**Problem description**
Retype every record below exactly as it appears.

Extracted records Block Start

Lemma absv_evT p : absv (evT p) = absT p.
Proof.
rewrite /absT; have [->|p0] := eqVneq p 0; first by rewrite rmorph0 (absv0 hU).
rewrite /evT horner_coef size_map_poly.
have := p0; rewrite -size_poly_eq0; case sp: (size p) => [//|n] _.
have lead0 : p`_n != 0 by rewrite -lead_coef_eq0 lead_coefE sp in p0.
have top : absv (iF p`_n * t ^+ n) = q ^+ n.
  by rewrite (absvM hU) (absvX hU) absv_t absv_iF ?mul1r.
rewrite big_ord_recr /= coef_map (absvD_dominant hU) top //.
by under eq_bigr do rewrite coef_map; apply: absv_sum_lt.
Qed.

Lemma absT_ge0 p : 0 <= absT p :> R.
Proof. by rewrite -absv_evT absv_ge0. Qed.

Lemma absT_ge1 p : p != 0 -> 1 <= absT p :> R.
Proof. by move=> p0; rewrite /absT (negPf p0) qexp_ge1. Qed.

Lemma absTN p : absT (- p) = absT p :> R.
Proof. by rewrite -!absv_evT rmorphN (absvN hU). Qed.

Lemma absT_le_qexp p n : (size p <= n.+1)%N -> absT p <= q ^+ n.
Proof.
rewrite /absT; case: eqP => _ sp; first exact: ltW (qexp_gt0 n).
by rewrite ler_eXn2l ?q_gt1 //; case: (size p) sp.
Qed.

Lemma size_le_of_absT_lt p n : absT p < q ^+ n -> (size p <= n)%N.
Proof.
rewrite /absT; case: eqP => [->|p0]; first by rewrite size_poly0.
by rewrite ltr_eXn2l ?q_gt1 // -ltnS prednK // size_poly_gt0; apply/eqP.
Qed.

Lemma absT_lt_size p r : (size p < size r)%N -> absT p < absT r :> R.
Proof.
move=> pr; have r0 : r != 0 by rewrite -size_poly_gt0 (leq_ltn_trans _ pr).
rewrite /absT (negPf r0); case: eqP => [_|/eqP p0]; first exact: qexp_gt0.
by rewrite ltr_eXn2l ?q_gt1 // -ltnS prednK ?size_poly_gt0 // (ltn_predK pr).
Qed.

Extracted records Block End

**Written answer**
Lemma absv_evT p : absv (evT p) = absT p.
Proof.
rewrite /absT; have [->|p0] := eqVneq p 0; first by rewrite rmorph0 (absv0 hU).
rewrite /evT horner_coef size_map_poly.
have := p0; rewrite -size_poly_eq0; case sp: (size p) => [//|n] _.
have lead0 : p`_n != 0 by rewrite -lead_coef_eq0 lead_coefE sp in p0.
have top : absv (iF p`_n * t ^+ n) = q ^+ n.
  by rewrite (absvM hU) (absvX hU) absv_t absv_iF ?mul1r.
rewrite big_ord_recr /= coef_map (absvD_dominant hU) top //.
by under eq_bigr do rewrite coef_map; apply: absv_sum_lt.
Qed.

Lemma absT_ge0 p : 0 <= absT p :> R.
Proof. by rewrite -absv_evT absv_ge0. Qed.

Lemma absT_ge1 p : p != 0 -> 1 <= absT p :> R.
Proof. by move=> p0; rewrite /absT (negPf p0) qexp_ge1. Qed.

Lemma absTN p : absT (- p) = absT p :> R.
Proof. by rewrite -!absv_evT rmorphN (absvN hU). Qed.

Lemma absT_le_qexp p n : (size p <= n.+1)%N -> absT p <= q ^+ n.
Proof.
rewrite /absT; case: eqP => _ sp; first exact: ltW (qexp_gt0 n).
by rewrite ler_eXn2l ?q_gt1 //; case: (size p) sp.
Qed.

Lemma size_le_of_absT_lt p n : absT p < q ^+ n -> (size p <= n)%N.
Proof.
rewrite /absT; case: eqP => [->|p0]; first by rewrite size_poly0.
by rewrite ltr_eXn2l ?q_gt1 // -ltnS prednK // size_poly_gt0; apply/eqP.
Qed.

Lemma absT_lt_size p r : (size p < size r)%N -> absT p < absT r :> R.
Proof.
move=> pr; have r0 : r != 0 by rewrite -size_poly_gt0 (leq_ltn_trans _ pr).
rewrite /absT (negPf r0); case: eqP => [_|/eqP p0]; first exact: qexp_gt0.
by rewrite ltr_eXn2l ?q_gt1 // -ltnS prednK ?size_poly_gt0 // (ltn_predK pr).
Qed.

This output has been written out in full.